◆ TASK DESCRIPTION: Reproduce exactly, and only, the lines below from the one containing "apply continuous_dirichlet_weight', Hsin, Hs." through the one containing "- prove_ex_RInt.".

◆ RAW DATA:
····················
Lemma fourier_error_kernel_sub_PI N t :
  fourier_error_kernel N t - fourier_error_kernel N PI =
  - RInt (fun s => (s - t) * dirichlet_kernel N s) t PI.
Proof.
  pose proof (ex_derive_dirichlet_kernel N) as HD.
  set (F := fun n s =>
    2 * ((s - t) * sin (INR n * s) / INR n + cos (INR n * s) / (INR n * INR n))).
  rewrite (RInt_antiderivative (fun s => (s - t) * (s - t) / 2 + sum_n_m (fun n => F n s) 1 N)).
  - assert (HFPI : sum_n_m (fun n => F n PI) 1 N =
                   sum_n_m (fun n => 2 * cos (INR n * PI) / (INR n * INR n)) 1 N).
    { apply sum_n_m_ext_loc_R; intros n Hn; unfold F.
      rewrite sin_INR_mult_PI; field; apply not_0_INR; lia. }
    assert (HFt : sum_n_m (fun n => F n t) 1 N =
                  sum_n_m (fun n => 2 * cos (INR n * t) / (INR n * INR n)) 1 N).
    { apply sum_n_m_ext_loc_R; intros n Hn; unfold F.
      rewrite Rminus_diag; field; apply not_0_INR; lia. }
    rewrite HFPI, HFt; unfold fourier_error_kernel; field.
  - intros s _.
    replace ((s - t) * dirichlet_kernel N s)
      with ((s - t) + sum_n_m (fun n => (s - t) * (2 * cos (INR n * s))) 1 N)
      by (unfold dirichlet_kernel; rewrite sum_n_m_Rmult_l; ring).
    apply is_derive_Rplus; [auto_derive; [exact I | field] |].
    apply (is_derive_sum_n_m _ (fun n s => (s - t) * (2 * cos (INR n * s)))).
    intros n y Hn; unfold F; auto_derive; [exact I |].
    field; apply not_0_INR; lia.
  - intros s _; prove_continuous.
Qed.

Lemma is_derive_dirichlet_weight t s :
  sin (s / 2) <> 0 -> is_derive (dirichlet_weight t) s (dirichlet_weight' t s).
Proof.
  intros Hs; unfold dirichlet_weight, dirichlet_weight'; auto_derive; [exact Hs |].
  change (s * / 2) with (s / 2); field; exact Hs.
Qed.

Lemma continuous_dirichlet_weight' t s :
  sin (s / 2) <> 0 -> continuous (dirichlet_weight' t) s.
Proof.
  intros Hs; apply (@ex_derive_continuous R_AbsRing R_NormedModule).
  unfold dirichlet_weight'; auto_derive; change (s * / 2) with (s / 2).
  apply Rmult_integral_contrapositive; split; exact Hs.
Qed.

Lemma RInt_dirichlet_by_parts N t : 0 < t <= PI ->
  RInt (fun s => (s - t) * dirichlet_kernel N s) t PI =
  / (INR N + / 2) * RInt (fun s => cos ((INR N + / 2) * s) * dirichlet_weight' t s) t PI.
Proof.
  intros Ht.
  set (w := INR N + / 2).
  assert (Hw : 0 < w) by (unfold w; pose proof (pos_INR N); lra).
  pose proof (ex_derive_dirichlet_kernel N) as HD.
  assert (Hsin : forall s, Rmin t PI <= s <= Rmax t PI -> sin (s / 2) <> 0).
  { intros s Hs; rewrite Rmin_left, Rmax_right in Hs by lra.
    apply Rgt_not_eq, sin_half_pos; lra. }
  assert (Hcont : forall s, Rmin t PI <= s <= Rmax t PI ->
                  continuous (fun s => cos (w * s) * dirichlet_weight' t s) s).
  { intros s Hs; apply continuous_Rmult; [prove_continuous |].
    apply continuous_dirichlet_weight', Hsin, Hs. }
  assert (Hparts :
    RInt (fun s => (s - t) * dirichlet_kernel N s
                   - / w * (cos (w * s) * dirichlet_weight' t s)) t PI =
    - dirichlet_weight t PI * cos (w * PI) / w - - dirichlet_weight t t * cos (w * t) / w).
  { apply (RInt_antiderivative (fun s => - dirichlet_weight t s * cos (w * s) / w)).
    - intros s Hs.
      assert (Hds : dirichlet_kernel N s = sin (w * s) / sin (s / 2)).
      { unfold w; rewrite <- (dirichlet_kernel_mul_sin_half N s); field; apply Hsin, Hs. }
      pose proof (is_derive_dirichlet_weight t s (Hsin s Hs)) as Hweight.
      auto_derive; [exists (dirichlet_weight' t s); exact Hweight |].
      change (Derive (fun x => dirichlet_weight t x) s) with (Derive (dirichlet_weight t) s).
      rewrite (is_derive_unique _ _ _ Hweight), Hds; unfold dirichlet_weight.
      field; split; [lra | apply Hsin, Hs].
    - intros s Hs; apply continuous_Rminus; [prove_continuous |].
      apply (continuous_Rmult (fun _ => / w)); [prove_continuous | apply Hcont, Hs]. }
  unfold dirichlet_weight, w in Hparts.
  rewrite Rminus_diag, cos_INR_plus_half_mult_PI in Hparts; fold w in Hparts.
  rewrite RInt_Rminus, RInt_Rmult_l in Hparts.
  - unfold Rdiv in Hparts; lra.
  - apply ex_RInt_continuous_R, Hcont.
  - prove_ex_RInt.
  - apply (@ex_RInt_scal R_NormedModule), ex_RInt_continuous_R, Hcont.
Qed.

Lemma mult_cos_le_sin y : 0 <= y <= PI / 2 -> y * cos y <= sin y.
Proof.
  intros Hy.
  assert (Hint : RInt (fun z => z * sin z) 0 y = sin y - y * cos y - (sin 0 - 0 * cos 0)).
  { apply (RInt_antiderivative (fun z => sin z - z * cos z)).
    - intros z _; auto_derive; [exact I | ring].
    - intros z _; prove_continuous. }
  assert (0 <= RInt (fun z => z * sin z) 0 y).
  { apply RInt_ge_0; [lra | prove_ex_RInt |].
    intros z Hz; apply Rmult_le_pos; [lra |].
    apply sin_ge_0; pose proof PI_RGT_0; lra. }
  rewrite sin_0 in Hint; lra.
Qed.

Lemma dirichlet_weight'_nonneg t s : 0 < t -> t <= s <= PI -> 0 <= dirichlet_weight' t s.
Proof.
  intros Ht Hs; pose proof PI_RGT_0.
  assert (Hsin : 0 < sin (s / 2)) by (apply sin_half_pos; lra).
  assert (Hcos : 0 <= cos (s / 2)) by (apply cos_ge_0; lra).
  assert (Hx : s / 2 * cos (s / 2) <= sin (s / 2)) by (apply mult_cos_le_sin; lra).
  assert ((s - t) * cos (s / 2) / 2 <= s / 2 * cos (s / 2))
    by (unfold Rdiv; rewrite Rmult_assoc, (Rmult_comm (cos _)), <- Rmult_assoc;
        apply Rmult_le_compat_r; lra).
  unfold dirichlet_weight'; apply Rdiv_le_0_compat; nra.
Qed.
····················
◆ FINISHED TASK:
    apply continuous_dirichlet_weight', Hsin, Hs. }
  assert (Hparts :
    RInt (fun s => (s - t) * dirichlet_kernel N s
                   - / w * (cos (w * s) * dirichlet_weight' t s)) t PI =
    - dirichlet_weight t PI * cos (w * PI) / w - - dirichlet_weight t t * cos (w * t) / w).
  { apply (RInt_antiderivative (fun s => - dirichlet_weight t s * cos (w * s) / w)).
    - intros s Hs.
      assert (Hds : dirichlet_kernel N s = sin (w * s) / sin (s / 2)).
      { unfold w; rewrite <- (dirichlet_kernel_mul_sin_half N s); field; apply Hsin, Hs. }
      pose proof (is_derive_dirichlet_weight t s (Hsin s Hs)) as Hweight.
      auto_derive; [exists (dirichlet_weight' t s); exact Hweight |].
      change (Derive (fun x => dirichlet_weight t x) s) with (Derive (dirichlet_weight t) s).
      rewrite (is_derive_unique _ _ _ Hweight), Hds; unfold dirichlet_weight.
      field; split; [lra | apply Hsin, Hs].
    - intros s Hs; apply continuous_Rminus; [prove_continuous |].
      apply (continuous_Rmult (fun _ => / w)); [prove_continuous | apply Hcont, Hs]. }
  unfold dirichlet_weight, w in Hparts.
  rewrite Rminus_diag, cos_INR_plus_half_mult_PI in Hparts; fold w in Hparts.
  rewrite RInt_Rminus, RInt_Rmult_l in Hparts.
  - unfold Rdiv in Hparts; lra.
  - apply ex_RInt_continuous_R, Hcont.
  - prove_ex_RInt.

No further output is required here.